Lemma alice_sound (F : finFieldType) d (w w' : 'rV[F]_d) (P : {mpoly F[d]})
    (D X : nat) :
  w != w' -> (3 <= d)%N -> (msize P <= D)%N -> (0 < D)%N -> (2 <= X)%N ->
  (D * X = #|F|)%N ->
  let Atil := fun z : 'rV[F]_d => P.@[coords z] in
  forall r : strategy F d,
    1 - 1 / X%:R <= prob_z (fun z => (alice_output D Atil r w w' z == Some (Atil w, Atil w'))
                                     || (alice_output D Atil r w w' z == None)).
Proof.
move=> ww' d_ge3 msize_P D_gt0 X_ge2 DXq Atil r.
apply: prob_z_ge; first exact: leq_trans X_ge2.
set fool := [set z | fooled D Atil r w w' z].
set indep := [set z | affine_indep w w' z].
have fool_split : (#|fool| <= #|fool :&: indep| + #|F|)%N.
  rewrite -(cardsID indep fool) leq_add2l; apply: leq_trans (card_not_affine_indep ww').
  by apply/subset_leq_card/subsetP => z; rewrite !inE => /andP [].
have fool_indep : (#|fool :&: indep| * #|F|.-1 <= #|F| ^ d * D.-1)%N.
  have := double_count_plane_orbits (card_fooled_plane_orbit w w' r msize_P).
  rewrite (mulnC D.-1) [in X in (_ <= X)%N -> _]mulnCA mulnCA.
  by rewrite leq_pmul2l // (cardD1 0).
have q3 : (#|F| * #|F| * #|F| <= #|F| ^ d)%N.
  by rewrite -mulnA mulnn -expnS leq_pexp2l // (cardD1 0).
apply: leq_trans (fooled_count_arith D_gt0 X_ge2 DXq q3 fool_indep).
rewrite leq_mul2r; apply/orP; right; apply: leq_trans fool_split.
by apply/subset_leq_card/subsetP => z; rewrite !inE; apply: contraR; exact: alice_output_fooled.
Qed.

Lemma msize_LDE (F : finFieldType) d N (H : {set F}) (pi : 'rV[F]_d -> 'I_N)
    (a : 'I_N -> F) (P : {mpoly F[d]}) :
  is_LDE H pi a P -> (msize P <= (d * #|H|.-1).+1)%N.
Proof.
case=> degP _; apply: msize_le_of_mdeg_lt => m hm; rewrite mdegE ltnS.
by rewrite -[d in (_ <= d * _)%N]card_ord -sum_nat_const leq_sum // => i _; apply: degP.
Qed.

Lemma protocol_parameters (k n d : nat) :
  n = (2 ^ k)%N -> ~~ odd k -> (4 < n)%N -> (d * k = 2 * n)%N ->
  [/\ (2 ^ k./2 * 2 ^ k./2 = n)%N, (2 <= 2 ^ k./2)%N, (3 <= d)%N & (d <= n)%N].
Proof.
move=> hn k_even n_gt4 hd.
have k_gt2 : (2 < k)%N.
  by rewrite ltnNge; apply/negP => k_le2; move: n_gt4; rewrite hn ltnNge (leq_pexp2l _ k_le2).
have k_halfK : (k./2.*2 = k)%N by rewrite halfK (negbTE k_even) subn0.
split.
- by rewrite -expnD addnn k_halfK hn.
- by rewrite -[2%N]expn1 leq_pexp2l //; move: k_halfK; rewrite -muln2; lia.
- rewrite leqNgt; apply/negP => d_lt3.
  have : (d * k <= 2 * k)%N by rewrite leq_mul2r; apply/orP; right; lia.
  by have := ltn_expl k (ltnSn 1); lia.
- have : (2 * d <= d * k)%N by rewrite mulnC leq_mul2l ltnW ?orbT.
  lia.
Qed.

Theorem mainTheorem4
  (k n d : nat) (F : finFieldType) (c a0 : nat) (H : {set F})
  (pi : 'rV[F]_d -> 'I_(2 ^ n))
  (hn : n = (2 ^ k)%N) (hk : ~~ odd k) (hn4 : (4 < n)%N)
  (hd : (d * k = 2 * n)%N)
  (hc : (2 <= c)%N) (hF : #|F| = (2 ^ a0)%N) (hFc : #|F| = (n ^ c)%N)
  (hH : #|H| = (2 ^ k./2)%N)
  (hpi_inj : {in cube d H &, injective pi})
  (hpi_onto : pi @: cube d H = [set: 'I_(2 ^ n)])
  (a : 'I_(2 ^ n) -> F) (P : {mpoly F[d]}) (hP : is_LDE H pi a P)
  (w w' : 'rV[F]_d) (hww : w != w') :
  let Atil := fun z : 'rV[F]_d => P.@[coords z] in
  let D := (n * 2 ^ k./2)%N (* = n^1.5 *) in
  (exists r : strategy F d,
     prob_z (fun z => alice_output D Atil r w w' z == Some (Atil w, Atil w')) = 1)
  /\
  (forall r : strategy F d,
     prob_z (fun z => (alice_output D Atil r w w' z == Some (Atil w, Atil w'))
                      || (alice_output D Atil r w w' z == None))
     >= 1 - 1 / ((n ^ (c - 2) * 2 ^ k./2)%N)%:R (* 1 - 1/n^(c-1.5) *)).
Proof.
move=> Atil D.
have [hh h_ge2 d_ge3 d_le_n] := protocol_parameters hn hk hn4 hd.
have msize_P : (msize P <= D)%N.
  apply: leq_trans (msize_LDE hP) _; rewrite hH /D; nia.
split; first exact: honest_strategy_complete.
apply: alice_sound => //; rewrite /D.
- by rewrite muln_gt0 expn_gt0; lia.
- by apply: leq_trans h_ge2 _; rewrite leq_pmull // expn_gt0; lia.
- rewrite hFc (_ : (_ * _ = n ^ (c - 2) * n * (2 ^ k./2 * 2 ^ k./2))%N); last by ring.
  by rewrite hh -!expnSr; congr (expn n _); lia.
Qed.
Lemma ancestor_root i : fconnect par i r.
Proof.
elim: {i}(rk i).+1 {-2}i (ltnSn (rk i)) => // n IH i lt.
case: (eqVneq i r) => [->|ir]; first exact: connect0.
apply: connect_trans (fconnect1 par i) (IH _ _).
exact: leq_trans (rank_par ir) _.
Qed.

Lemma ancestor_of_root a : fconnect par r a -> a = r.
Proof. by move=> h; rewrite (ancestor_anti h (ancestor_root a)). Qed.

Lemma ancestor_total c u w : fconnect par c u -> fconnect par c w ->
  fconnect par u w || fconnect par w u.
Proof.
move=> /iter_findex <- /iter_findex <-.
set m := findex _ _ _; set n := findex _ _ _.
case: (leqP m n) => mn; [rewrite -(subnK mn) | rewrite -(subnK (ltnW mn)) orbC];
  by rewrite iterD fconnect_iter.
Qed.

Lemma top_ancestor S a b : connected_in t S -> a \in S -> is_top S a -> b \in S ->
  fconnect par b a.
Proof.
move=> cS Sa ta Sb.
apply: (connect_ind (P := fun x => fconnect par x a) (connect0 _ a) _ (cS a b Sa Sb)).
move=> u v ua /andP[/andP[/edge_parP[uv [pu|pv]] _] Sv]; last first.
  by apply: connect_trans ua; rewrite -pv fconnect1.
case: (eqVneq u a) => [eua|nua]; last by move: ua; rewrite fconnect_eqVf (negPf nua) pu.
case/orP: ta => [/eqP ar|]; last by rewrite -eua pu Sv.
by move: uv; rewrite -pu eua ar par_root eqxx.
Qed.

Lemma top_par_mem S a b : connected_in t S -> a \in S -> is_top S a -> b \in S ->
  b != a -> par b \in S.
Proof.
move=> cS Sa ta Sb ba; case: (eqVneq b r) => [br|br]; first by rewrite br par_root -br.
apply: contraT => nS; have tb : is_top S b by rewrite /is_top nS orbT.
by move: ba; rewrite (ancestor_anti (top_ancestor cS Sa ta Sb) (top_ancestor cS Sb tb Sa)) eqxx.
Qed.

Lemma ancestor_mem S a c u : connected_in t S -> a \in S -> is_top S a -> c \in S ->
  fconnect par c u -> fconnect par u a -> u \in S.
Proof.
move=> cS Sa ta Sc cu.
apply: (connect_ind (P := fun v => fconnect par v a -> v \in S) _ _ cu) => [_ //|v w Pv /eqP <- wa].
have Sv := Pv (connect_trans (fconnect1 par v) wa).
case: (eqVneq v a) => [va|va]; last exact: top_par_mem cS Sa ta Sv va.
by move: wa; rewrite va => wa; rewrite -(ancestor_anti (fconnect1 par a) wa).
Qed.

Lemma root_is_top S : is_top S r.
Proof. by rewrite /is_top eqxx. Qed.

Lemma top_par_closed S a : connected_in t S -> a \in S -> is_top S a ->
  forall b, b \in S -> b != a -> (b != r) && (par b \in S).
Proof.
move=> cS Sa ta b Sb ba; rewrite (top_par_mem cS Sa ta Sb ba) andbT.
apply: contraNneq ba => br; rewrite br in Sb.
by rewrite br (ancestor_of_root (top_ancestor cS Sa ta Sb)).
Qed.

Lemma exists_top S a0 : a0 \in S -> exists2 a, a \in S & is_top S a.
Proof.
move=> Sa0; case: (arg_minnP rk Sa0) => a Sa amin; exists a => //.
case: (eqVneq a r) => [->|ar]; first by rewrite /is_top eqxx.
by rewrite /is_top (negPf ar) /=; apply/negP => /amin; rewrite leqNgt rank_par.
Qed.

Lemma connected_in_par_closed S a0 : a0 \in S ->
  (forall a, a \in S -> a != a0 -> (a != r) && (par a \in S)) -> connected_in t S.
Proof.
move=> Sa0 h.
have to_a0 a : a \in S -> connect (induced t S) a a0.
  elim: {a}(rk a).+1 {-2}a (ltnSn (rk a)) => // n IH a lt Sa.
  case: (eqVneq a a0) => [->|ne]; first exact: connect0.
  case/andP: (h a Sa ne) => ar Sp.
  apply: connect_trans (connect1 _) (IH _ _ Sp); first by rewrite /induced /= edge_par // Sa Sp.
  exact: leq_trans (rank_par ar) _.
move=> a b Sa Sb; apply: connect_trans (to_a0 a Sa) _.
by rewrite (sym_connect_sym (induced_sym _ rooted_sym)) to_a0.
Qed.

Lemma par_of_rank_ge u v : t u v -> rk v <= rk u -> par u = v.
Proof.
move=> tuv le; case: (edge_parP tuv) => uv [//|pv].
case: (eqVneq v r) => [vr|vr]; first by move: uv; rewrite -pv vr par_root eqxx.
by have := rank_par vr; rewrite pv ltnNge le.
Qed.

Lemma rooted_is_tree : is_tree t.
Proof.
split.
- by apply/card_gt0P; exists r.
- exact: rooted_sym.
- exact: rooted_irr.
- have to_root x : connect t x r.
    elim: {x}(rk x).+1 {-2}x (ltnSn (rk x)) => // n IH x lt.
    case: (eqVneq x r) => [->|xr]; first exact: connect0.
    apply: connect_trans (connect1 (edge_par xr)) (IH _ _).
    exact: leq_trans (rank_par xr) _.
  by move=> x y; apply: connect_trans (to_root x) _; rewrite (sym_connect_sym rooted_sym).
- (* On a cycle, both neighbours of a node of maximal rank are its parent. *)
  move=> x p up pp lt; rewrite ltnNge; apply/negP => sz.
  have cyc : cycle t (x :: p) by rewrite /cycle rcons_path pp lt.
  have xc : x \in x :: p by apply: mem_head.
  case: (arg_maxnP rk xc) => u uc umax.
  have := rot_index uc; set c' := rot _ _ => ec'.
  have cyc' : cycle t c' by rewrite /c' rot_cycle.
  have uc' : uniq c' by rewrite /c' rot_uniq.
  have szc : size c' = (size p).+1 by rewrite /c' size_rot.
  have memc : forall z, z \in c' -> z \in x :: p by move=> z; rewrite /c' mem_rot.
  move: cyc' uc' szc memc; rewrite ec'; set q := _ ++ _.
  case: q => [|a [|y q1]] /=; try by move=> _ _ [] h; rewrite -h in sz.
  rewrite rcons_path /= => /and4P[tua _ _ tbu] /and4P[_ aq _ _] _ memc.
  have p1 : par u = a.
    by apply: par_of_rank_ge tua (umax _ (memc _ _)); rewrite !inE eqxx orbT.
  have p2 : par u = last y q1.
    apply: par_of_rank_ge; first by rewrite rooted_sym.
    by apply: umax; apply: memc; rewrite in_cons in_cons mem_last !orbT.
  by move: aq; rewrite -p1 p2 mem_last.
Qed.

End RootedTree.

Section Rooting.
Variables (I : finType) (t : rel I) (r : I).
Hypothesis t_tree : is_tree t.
* * *
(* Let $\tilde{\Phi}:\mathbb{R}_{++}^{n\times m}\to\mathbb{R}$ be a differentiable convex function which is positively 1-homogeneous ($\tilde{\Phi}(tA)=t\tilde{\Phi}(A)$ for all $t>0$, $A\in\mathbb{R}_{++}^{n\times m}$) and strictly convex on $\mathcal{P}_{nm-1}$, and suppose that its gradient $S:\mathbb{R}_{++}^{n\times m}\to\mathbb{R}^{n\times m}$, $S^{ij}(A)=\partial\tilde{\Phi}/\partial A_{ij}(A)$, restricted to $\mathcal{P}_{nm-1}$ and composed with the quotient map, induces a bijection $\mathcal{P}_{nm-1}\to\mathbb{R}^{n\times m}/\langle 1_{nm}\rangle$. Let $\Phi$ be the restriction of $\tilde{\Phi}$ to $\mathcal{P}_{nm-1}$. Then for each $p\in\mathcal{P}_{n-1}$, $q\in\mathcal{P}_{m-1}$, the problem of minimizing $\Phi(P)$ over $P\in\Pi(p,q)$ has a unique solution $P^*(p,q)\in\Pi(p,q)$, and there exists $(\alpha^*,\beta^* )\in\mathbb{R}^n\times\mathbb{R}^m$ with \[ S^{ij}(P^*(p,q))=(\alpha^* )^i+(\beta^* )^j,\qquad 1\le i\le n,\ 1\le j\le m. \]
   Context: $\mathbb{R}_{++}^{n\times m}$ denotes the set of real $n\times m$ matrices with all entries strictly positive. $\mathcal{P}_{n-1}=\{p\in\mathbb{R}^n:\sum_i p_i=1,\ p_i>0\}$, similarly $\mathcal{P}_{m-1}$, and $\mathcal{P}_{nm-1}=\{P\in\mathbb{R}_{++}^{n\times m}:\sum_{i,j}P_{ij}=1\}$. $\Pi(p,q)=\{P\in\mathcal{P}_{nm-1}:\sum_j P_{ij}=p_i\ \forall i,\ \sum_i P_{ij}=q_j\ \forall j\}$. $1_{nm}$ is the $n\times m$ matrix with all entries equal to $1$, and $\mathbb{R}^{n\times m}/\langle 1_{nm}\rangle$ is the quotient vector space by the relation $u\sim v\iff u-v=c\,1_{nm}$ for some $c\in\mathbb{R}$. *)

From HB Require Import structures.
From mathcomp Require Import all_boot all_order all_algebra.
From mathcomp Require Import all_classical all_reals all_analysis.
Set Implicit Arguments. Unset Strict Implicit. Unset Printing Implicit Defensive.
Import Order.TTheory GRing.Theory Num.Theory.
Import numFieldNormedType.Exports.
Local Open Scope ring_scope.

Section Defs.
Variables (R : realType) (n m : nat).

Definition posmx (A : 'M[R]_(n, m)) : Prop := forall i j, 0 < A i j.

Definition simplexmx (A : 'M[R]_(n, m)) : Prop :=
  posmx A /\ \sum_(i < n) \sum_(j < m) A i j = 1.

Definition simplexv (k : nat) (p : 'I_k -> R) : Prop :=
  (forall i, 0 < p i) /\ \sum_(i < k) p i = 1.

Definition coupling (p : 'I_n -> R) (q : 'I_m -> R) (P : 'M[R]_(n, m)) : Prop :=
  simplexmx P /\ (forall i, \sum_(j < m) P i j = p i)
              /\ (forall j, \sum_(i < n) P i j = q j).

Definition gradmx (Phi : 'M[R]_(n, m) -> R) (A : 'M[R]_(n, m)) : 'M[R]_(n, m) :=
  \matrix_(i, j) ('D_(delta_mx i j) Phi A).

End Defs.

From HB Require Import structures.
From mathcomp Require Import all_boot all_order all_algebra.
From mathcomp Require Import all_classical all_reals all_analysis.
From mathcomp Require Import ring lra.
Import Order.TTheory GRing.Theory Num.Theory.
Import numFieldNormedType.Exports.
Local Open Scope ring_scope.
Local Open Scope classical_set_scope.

Work to complete - Copy each line from the entries above that has the word "leqNgt" in it.

Solution -
- rewrite leqNgt; apply/negP => d_lt3.
by rewrite /is_top (negPf ar) /=; apply/negP => /amin; rewrite leqNgt rank_par.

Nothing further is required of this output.